(Beginning of Records for the task)

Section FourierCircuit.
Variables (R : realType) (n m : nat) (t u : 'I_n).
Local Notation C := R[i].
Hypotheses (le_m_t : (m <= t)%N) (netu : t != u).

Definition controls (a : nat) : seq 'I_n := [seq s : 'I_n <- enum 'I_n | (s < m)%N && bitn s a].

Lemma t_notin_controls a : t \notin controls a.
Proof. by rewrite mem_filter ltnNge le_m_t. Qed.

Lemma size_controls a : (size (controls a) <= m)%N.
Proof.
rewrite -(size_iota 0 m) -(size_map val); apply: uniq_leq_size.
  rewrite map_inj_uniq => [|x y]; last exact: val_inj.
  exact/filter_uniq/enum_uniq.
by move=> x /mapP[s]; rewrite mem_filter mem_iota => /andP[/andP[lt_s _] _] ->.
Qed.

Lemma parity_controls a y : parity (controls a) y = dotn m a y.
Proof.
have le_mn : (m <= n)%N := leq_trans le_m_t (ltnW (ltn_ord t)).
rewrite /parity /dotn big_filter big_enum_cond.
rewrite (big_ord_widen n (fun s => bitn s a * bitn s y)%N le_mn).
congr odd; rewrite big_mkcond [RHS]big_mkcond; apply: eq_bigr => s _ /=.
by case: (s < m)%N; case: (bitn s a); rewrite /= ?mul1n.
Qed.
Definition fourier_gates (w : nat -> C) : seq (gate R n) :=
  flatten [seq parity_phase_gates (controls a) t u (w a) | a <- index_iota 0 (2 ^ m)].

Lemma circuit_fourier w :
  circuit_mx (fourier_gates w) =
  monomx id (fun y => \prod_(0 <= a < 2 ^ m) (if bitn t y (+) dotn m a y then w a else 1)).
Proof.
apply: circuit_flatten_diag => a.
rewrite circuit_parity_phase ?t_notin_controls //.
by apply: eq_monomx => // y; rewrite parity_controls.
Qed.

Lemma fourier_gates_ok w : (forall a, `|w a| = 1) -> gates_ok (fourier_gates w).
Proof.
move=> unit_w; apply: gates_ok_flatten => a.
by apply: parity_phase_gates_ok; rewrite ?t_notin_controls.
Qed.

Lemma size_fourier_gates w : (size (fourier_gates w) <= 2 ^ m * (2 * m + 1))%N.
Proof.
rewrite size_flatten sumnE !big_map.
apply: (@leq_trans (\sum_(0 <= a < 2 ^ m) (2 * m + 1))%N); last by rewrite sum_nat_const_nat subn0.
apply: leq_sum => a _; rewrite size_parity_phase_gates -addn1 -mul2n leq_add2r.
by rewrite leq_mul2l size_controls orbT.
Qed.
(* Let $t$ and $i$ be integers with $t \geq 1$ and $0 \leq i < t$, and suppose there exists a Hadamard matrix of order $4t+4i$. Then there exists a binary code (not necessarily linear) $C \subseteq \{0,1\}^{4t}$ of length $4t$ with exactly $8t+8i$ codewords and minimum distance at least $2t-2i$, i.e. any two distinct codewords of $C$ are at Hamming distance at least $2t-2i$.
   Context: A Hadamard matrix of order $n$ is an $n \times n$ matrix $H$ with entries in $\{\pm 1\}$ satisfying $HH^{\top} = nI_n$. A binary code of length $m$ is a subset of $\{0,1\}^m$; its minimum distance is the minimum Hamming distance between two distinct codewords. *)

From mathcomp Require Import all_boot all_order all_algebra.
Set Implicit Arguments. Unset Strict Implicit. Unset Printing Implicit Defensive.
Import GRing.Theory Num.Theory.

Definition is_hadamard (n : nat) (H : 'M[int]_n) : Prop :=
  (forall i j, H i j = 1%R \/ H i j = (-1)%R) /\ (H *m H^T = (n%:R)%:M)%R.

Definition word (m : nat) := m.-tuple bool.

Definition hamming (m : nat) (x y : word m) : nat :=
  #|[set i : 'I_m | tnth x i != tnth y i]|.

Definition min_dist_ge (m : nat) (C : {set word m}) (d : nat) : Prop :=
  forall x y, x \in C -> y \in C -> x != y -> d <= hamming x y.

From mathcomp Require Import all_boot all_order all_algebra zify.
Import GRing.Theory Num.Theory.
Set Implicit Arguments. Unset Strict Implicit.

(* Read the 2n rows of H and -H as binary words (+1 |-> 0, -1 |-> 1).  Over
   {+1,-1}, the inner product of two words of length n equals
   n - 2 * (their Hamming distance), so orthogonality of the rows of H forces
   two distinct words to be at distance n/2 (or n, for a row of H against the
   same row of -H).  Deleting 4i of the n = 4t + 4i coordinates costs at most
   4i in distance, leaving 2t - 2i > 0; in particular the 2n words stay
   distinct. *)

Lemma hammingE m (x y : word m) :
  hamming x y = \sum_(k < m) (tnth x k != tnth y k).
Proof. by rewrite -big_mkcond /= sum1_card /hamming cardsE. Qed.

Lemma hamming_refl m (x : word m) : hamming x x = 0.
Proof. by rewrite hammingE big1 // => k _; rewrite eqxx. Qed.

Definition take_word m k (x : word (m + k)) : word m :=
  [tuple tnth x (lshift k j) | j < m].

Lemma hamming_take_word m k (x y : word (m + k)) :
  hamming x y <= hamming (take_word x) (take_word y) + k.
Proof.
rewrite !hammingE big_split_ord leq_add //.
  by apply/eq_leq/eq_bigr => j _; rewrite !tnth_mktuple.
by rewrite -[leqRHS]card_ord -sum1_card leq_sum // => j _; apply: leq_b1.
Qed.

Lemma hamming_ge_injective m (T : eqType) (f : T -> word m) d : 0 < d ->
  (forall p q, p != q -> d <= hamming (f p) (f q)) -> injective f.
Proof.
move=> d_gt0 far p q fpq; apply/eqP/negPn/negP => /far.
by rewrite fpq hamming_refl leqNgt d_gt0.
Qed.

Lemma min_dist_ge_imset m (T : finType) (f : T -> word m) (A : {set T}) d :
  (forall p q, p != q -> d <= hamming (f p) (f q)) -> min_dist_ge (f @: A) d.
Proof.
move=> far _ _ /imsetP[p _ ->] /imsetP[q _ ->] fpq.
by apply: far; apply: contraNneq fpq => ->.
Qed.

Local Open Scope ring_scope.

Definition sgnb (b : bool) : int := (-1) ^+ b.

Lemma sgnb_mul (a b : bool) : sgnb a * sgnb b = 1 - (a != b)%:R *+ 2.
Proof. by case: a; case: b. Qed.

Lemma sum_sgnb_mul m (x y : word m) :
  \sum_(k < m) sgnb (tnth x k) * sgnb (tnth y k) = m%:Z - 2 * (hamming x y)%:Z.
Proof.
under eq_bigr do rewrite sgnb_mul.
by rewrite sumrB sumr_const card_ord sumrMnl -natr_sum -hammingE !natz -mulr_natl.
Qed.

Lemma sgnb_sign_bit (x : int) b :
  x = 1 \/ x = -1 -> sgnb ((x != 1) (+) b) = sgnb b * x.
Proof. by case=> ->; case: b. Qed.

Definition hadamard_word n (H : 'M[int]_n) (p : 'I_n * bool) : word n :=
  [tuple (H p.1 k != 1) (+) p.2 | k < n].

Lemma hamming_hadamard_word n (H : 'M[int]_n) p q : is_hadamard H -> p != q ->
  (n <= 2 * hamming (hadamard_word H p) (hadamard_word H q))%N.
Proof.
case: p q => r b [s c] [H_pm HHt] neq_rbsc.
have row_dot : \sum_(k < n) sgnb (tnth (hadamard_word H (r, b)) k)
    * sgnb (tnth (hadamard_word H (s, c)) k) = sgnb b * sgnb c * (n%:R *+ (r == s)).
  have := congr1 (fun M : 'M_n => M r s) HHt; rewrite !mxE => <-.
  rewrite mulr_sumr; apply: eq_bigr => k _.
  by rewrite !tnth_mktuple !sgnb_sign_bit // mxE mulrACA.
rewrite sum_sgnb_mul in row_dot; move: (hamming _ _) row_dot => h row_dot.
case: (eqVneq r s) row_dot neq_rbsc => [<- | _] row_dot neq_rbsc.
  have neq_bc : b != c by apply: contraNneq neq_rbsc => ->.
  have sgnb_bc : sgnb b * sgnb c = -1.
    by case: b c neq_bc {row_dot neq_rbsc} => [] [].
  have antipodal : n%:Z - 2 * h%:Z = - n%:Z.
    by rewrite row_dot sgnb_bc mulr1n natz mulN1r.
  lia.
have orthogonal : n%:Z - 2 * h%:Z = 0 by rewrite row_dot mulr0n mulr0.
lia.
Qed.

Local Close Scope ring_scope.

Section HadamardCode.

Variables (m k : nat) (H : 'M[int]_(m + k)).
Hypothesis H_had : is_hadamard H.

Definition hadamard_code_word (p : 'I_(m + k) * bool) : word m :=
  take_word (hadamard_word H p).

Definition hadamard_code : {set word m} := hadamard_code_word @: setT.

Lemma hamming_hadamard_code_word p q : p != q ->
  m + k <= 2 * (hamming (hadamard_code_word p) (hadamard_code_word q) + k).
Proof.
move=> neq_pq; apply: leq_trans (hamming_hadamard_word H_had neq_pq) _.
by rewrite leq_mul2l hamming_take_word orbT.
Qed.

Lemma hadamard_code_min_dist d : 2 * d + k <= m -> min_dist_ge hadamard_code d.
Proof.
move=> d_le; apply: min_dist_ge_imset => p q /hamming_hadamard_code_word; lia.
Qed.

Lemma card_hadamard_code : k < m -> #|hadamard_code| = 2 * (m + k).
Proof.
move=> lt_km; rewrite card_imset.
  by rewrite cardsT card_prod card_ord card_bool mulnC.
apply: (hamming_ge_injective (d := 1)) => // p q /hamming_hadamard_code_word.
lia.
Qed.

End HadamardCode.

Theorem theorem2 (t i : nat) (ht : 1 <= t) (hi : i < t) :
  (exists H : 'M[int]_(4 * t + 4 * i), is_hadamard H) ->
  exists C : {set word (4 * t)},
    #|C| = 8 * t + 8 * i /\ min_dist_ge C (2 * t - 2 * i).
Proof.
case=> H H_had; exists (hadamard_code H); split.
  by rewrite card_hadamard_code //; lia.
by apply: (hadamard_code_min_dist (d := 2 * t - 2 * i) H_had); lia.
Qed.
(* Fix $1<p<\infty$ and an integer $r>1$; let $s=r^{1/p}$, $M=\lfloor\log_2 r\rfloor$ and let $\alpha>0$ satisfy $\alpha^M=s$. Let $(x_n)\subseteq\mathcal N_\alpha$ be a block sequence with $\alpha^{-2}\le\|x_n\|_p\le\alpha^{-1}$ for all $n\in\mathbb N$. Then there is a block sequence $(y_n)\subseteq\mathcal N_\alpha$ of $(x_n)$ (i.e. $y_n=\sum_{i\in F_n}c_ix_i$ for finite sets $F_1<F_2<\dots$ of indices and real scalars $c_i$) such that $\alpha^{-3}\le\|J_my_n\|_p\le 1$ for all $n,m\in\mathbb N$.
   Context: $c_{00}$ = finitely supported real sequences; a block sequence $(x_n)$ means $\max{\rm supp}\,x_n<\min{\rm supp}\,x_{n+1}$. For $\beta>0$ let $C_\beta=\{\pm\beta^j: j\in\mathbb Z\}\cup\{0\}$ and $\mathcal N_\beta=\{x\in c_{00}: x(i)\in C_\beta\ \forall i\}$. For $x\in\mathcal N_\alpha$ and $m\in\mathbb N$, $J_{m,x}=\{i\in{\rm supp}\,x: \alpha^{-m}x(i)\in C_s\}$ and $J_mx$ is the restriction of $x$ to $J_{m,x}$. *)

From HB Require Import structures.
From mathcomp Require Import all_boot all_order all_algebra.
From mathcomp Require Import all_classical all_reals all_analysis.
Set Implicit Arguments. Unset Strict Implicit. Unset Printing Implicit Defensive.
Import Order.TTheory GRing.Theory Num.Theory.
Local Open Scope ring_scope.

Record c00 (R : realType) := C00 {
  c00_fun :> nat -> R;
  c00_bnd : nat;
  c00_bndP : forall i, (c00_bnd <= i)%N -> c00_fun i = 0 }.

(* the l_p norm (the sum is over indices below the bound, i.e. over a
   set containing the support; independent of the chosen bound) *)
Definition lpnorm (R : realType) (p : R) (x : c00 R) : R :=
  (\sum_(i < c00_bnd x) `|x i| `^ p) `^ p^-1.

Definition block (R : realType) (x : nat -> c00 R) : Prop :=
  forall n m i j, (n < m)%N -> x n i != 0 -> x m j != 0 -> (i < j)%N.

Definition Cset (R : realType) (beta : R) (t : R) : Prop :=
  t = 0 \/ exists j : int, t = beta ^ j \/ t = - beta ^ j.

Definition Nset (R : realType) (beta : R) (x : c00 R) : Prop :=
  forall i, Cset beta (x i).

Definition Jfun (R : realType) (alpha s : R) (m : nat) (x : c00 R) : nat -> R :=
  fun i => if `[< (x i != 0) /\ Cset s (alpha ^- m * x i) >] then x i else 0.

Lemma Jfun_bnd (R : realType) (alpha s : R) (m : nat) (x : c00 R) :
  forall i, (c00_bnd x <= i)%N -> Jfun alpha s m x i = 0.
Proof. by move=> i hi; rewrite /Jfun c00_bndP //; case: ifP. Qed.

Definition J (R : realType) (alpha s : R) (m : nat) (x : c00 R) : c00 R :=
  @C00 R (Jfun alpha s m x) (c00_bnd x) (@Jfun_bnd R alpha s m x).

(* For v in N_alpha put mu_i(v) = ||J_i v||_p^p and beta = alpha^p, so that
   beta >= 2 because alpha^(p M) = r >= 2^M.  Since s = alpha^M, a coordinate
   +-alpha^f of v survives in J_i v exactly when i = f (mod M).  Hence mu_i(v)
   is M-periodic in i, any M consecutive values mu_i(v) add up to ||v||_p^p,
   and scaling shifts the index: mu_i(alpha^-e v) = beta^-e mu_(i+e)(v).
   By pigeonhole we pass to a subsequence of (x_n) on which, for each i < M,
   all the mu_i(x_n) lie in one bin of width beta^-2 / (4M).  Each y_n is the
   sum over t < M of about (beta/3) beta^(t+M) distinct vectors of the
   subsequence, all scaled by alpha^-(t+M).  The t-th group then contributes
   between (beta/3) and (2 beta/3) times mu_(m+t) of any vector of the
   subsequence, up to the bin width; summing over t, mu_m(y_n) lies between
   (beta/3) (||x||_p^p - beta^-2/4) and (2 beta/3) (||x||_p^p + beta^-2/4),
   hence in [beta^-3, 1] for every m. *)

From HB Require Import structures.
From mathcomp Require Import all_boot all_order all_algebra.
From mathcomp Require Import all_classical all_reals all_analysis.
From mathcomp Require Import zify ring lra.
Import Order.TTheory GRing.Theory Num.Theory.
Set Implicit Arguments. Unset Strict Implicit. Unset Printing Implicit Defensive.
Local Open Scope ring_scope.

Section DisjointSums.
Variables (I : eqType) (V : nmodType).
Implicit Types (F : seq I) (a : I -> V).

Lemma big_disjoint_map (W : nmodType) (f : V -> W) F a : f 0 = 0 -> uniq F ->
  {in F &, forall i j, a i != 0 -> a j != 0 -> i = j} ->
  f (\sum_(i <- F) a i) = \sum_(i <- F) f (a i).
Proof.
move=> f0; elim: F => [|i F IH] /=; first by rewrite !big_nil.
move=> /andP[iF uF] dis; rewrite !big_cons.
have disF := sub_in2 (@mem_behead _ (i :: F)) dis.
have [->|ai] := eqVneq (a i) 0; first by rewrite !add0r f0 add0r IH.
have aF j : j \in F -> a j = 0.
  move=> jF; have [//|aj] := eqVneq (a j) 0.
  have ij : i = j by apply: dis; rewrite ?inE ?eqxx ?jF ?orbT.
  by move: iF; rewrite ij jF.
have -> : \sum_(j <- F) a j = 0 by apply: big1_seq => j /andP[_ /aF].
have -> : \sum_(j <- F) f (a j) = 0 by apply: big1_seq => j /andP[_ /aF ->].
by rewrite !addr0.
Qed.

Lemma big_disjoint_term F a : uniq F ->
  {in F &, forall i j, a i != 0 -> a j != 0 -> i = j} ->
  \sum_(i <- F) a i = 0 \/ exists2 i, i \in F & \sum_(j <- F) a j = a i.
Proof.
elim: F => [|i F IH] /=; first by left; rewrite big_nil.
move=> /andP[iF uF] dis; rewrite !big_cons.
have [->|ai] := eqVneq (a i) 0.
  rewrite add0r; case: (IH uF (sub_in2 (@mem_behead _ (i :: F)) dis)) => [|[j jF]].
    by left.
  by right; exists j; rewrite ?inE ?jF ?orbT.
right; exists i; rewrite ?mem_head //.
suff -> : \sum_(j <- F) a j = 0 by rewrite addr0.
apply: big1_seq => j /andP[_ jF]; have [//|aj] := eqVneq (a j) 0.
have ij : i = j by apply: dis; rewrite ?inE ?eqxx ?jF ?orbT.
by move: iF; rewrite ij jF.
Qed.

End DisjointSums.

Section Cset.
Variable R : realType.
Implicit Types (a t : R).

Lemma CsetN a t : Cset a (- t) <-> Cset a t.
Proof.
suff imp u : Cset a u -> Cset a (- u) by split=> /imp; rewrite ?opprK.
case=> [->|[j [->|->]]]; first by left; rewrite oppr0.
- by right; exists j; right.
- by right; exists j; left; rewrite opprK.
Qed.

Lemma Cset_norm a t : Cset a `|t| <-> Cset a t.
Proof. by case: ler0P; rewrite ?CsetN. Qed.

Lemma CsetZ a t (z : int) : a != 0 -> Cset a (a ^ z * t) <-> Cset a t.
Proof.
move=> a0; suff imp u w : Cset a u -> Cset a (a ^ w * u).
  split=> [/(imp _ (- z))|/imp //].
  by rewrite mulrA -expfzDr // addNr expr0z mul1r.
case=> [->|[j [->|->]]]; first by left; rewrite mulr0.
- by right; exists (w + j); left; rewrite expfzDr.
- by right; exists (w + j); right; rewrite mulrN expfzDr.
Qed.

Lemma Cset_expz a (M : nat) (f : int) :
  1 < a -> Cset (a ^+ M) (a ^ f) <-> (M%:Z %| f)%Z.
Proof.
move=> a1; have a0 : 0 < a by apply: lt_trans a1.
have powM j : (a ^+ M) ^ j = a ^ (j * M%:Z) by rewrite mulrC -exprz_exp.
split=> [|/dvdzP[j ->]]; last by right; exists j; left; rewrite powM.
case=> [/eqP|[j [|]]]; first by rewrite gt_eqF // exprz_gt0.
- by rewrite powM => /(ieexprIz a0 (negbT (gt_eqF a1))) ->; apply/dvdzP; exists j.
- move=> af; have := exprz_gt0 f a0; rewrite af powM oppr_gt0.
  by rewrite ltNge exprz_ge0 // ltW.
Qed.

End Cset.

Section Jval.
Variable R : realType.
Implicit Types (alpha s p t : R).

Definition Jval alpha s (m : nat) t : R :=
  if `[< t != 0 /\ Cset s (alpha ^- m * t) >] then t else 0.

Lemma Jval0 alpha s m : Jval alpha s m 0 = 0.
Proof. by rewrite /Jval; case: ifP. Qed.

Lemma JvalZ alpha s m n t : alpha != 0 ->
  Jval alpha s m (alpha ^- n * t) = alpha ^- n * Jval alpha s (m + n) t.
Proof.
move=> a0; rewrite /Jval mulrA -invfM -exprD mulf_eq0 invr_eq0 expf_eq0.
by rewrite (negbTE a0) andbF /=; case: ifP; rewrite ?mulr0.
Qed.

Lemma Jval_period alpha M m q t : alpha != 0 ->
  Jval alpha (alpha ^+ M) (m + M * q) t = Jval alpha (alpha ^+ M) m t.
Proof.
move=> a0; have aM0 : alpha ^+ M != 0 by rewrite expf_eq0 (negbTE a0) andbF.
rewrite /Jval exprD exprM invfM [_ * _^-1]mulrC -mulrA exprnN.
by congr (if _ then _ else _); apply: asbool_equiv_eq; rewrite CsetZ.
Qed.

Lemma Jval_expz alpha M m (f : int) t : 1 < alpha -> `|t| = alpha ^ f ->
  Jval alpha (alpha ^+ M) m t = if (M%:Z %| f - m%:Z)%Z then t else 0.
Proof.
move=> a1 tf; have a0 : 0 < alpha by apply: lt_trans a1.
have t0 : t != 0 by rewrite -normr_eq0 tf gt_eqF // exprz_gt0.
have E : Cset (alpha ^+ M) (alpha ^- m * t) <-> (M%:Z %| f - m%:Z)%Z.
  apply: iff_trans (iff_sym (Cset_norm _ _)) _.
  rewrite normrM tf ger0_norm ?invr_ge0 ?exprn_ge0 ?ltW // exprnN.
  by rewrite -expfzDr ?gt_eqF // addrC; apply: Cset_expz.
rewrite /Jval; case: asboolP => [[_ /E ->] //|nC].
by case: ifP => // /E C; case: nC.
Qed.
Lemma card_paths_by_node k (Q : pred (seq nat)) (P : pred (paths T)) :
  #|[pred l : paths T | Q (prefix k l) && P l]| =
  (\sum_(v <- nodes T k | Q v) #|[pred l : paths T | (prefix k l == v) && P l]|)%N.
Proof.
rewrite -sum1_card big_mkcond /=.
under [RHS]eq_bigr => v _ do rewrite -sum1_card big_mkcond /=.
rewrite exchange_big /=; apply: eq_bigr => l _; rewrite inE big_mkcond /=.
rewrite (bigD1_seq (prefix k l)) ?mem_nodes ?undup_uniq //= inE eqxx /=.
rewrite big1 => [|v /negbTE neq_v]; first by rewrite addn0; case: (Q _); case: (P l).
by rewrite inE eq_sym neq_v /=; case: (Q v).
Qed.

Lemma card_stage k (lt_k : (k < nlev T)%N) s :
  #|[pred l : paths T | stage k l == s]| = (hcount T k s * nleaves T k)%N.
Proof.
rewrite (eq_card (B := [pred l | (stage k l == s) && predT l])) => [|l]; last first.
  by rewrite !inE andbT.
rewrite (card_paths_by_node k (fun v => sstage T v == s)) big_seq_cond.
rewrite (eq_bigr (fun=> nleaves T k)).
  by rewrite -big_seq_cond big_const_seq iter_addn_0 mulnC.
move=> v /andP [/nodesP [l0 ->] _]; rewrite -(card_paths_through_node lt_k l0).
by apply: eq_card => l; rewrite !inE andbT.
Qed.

(End of Records for the task)

▶ **Prompt**: The reply should hold only the lines from the first line of the listing above through the line with "Proof. by rewrite mem_filter", each copied exactly.

▶ **Expected output**:
Section FourierCircuit.
Variables (R : realType) (n m : nat) (t u : 'I_n).
Local Notation C := R[i].
Hypotheses (le_m_t : (m <= t)%N) (netu : t != u).

Definition controls (a : nat) : seq 'I_n := [seq s : 'I_n <- enum 'I_n | (s < m)%N && bitn s a].

Lemma t_notin_controls a : t \notin controls a.
Proof. by rewrite mem_filter ltnNge le_m_t. Qed.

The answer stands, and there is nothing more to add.